This is a really good point. 

My initial reaction is: "So, this is different from anything else $ related how?". 

With RRSP it is capped, which pisses well to do people off I'm sure.  But to your point the RRSP cap is a good thing for John Q. Public. But the TFSA is also capped, so again I'm not sure there is much difference in the end.


----------



## AdamW (Apr 22, 2009)

ssimps said:


> Is it correct that it can not be put back until the following year though? So say if you withdraw $x from your TFSA in January 2010, you can not put back $x until January 1st 2011?
> 
> Thanks.


That is correct, you can withdraw at any point in the year but need to wait until the following calendar year to replace the funds. Your example above is how it would work.


----------



## sprocket1200 (Aug 21, 2009)

the OP mentions retirement income and not one person speaks about how TFSA income is NOT income tested against gov't programs (CPP, OAS, etc). The biggest benefit and it is simply ignored. The vast majority of Canadians do not understand the TFSA so no worries about them using it to its fullest.

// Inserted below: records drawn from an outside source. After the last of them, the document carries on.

Lemma Lap_u_U_Dx p : Lap_u (U_Dx p) = U_Dx (Lap_u p) + (Du_Dx p + Du_Dx p).
Proof.
rewrite /Lap_u /Du_Dx U_Dx_sum -!big_split /=; apply: eq_bigr => a _.
rewrite du_U_Dx [du a (_ + _)]mderivD -/(du a (U_Dx (du a p))) du_U_Dx.
rewrite /du /dx [mderiv (xi a) (mderiv (ui a) p)]mderiv_comm.
by rewrite addrC addrA.
Qed.

Lemma Du_Dx_U_Dx p : Du_Dx (U_Dx p) = U_Dx (Du_Dx p) + Lap_x p.
Proof.
rewrite /Lap_x /Du_Dx U_Dx_sum -big_split /=; apply: eq_bigr => a _.
by rewrite dx_U_Dx du_U_Dx addrC.
Qed.

Lemma X_Du_U_Dx p : X_Du (U_Dx p) = U_Dx (X_Du p) + euler_x p - euler_u p.
Proof.
have -> : X_Du (U_Dx p) = euler_x p + \sum_a 'X_(xi a) * U_Dx (du a p).
  rewrite /X_Du /euler_x -big_split /=; apply: eq_bigr => a _.
  by rewrite du_U_Dx mulrDr.
have -> : U_Dx (X_Du p) = euler_u p + \sum_a 'X_(xi a) * U_Dx (du a p).
  rewrite /X_Du /euler_u U_Dx_sum -big_split /=; apply: eq_bigr => a _.
  by rewrite U_Dx_mulXx.
ring.
Qed.

Lemma euler_x_U_Dx p : euler_x (U_Dx p) = U_Dx (euler_x p) - U_Dx p.
Proof.
have -> : U_Dx (euler_x p) = U_Dx p + \sum_a 'X_(xi a) * U_Dx (dx a p).
  rewrite /euler_x {2}/U_Dx U_Dx_sum -big_split /=; apply: eq_bigr => a _.
  by rewrite U_Dx_mulXx.
by rewrite addrC addKr /euler_x; apply: eq_bigr => a _; rewrite dx_U_Dx.
Qed.

Lemma euler_u_U_Dx p : euler_u (U_Dx p) = U_Dx (euler_u p) + U_Dx p.
Proof.
have -> : euler_u (U_Dx p) = U_Dx p + \sum_a 'X_(ui a) * U_Dx (du a p).
  rewrite /euler_u {2}/U_Dx -big_split /=; apply: eq_bigr => a _.
  by rewrite du_U_Dx mulrDr.
rewrite addrC /euler_u U_Dx_sum; congr (_ + _); apply: eq_bigr => a _.
by rewrite U_Dx_mulXu.
Qed.

Lemma fischer_U_Dx p q : fdot (U_Dx p) q = fdot p (X_Du q).
Proof.
rewrite /U_Dx /X_Du fischer_suml fischer_sumr; apply: eq_bigr => j _.
by rewrite fischerXl fischerXr.
Qed.

Lemma fischer_normx2 p q : fdot (normx2 m * p) q = fdot p (Lap_x q).
Proof.
rewrite /normx2 mulr_suml fischer_suml /Lap_x fischer_sumr; apply: eq_bigr => j _.
by rewrite expr2 -mulrA !fischerXl.
Qed.

Lemma fischer_normu2 p q : fdot (normu2 m * p) q = fdot p (Lap_u q).
Proof.
rewrite /normu2 mulr_suml fischer_suml /Lap_u fischer_sumr; apply: eq_bigr => j _.
by rewrite expr2 -mulrA !fischerXl.
Qed.

End OperatorIdentities.

Section SimplicialProjection.
Variable m : nat.
Local Notation P := (Pol m).
Implicit Types (p q : P).

Lemma Lap_xB p q : Lap_x (p - q) = Lap_x p - Lap_x q.
Proof. by rewrite /Lap_x -sumrB; apply: eq_bigr => j _; rewrite /dx !mderivB. Qed.

Lemma Lap_uB p q : Lap_u (p - q) = Lap_u p - Lap_u q.
Proof. by rewrite /Lap_u -sumrB; apply: eq_bigr => j _; rewrite /du !mderivB. Qed.

(* [|x|^2 P ⊕ |u|^2 P] is Fischer-orthogonal to [ker Lap_x ∩ ker Lap_u]. *)
Lemma pi_s_id p : Lap_x p = 0 -> Lap_u p = 0 -> pi_s p = p.
Proof.
move=> hx hu.
have : pi_s_spec p (pi_s p).
  apply: epsilon_spec; exists p; do !split => //.
  by exists 0, 0; rewrite !mulr0 !addr0.
case=> _ [hHx [hHu [A [B hp]]]]; set H := pi_s p in hHx hHu hp *.
have hD : p - H = normx2 m * A + normu2 m * B by rewrite hp; ring.
have hDx : Lap_x (p - H) = 0 by rewrite Lap_xB hx hHx subr0.
have hDu : Lap_u (p - H) = 0 by rewrite Lap_uB hu hHu subr0.
have : fdot (p - H) (p - H) == 0.
  by rewrite {1}hD fischerDl fischer_normx2 fischer_normu2 hDx hDu !fischer0r addr0.
by rewrite fischer_eq0 subr_eq0 => /eqP.
Qed.

Definition ker_laplacians p : Prop := [/\ Lap_x p = 0, Lap_u p = 0 & Du_Dx p = 0].

Lemma ker_laplacians_U_Dx p : ker_laplacians p -> ker_laplacians (U_Dx p).
Proof.
case=> hx hu hd; split.
- by rewrite Lap_x_U_Dx hx raddf0.
- by rewrite Lap_u_U_Dx hu hd raddf0 !addr0.
- by rewrite Du_Dx_U_Dx hd hx raddf0 addr0.
Qed.

Lemma iter_S_u j p : ker_laplacians p -> iter j (@S_u m) p = iter j (@U_Dx m) p.
Proof.
move=> hp; elim: j => //= j ->.
have [hx hu _] : ker_laplacians (iter j.+1 (@U_Dx m) p).
  by elim: j.+1 => //= i; apply: ker_laplacians_U_Dx.
by rewrite /S_u pi_s_id.
Qed.

End SimplicialProjection.

Section Sl2Orbit.
Variables (m k l : nat) (H : Pol m).
Hypothesis hH : Hkl k l H.
Local Notation F := (@U_Dx m).

Lemma euler_x_iter j : euler_x (iter j F H) = (k%:R - j%:R) *: iter j F H.
Proof.
elim: j => [|j IH] /=; first by rewrite subr0; case: hH => /euler_x_bihomog.
by rewrite euler_x_U_Dx IH linearZ /= -[X in _ - X]scale1r -scalerBl -natr1 opprD addrA.
Qed.

Lemma euler_u_iter j : euler_u (iter j F H) = (l%:R + j%:R) *: iter j F H.
Proof.
elim: j => [|j IH] /=; first by rewrite addr0; case: hH => /euler_u_bihomog.
by rewrite euler_u_U_Dx IH linearZ /= -[X in _ + X]scale1r -scalerDl -natr1 addrA.
Qed.

Lemma X_Du_iter j :
  X_Du (iter j.+1 F H) = (j.+1%:R * (k%:R - l%:R - j%:R)) *: iter j F H.
Proof.
elim: j => [|j IH]; rewrite iterS X_Du_U_Dx.
  case: hH => _ [_ [_ [_ ->]]].
  by rewrite raddf0 add0r (euler_x_iter 0) (euler_u_iter 0) -scalerBl /=; congr (_ *: _); ring.
rewrite IH linearZ euler_x_iter euler_u_iter -scalerDl -scalerBl.
by congr (_ *: _); rewrite -!natr1; ring.
Qed.

Lemma iter_U_Dx_neq0 j : H != 0 -> (j <= k - l)%N -> iter j F H != 0.
Proof.
move=> H0; elim: j => [//|j IH] hj.
have hlk : (l <= k)%N by apply: ltnW; rewrite -subn_gt0 (leq_ltn_trans (leq0n j) hj).
have hc : (j.+1%:R * (k%:R - l%:R - j%:R) : C) != 0.
  rewrite -natrB // -natrB ?(ltnW hj) // -natrM pnatr_eq0 muln_eq0 subn_eq0.
  by rewrite -ltnNge hj.
apply: contra_neq (IH (ltnW hj)) => hj0.
by move: (X_Du_iter j); rewrite hj0 raddf0 => /esym/eqP; rewrite scaler_eq0 (negbTE hc) => /eqP.
Qed.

As for ING, two years in a row now they have had the ISA accounts for TFSA at 3%. 6% is needed to make this three, pretty nice for just having the money sit. But of course it only sat while it was DCA'd in to the low cost mutual funds for an annual return of 20%. (yes, actual calculated) Certainly not as good as many people did, but not too bad either. Another benefit for ING, on Jan 1 at 1 second past midnight my money was in the TFSA. PLUS i get their double interest (not much this year) since Oct. 1.

No need to worry about gov't tax revenues in the future either. They will collect on CPP, OAS, etc., but the biggest tax gain will be all those gov't pensions!!! Much harder to hide and manipulate the income, just work until the numbers add up (no early retirement with full pension), then pay top tier taxes for the rest of your life. Nice!!


----------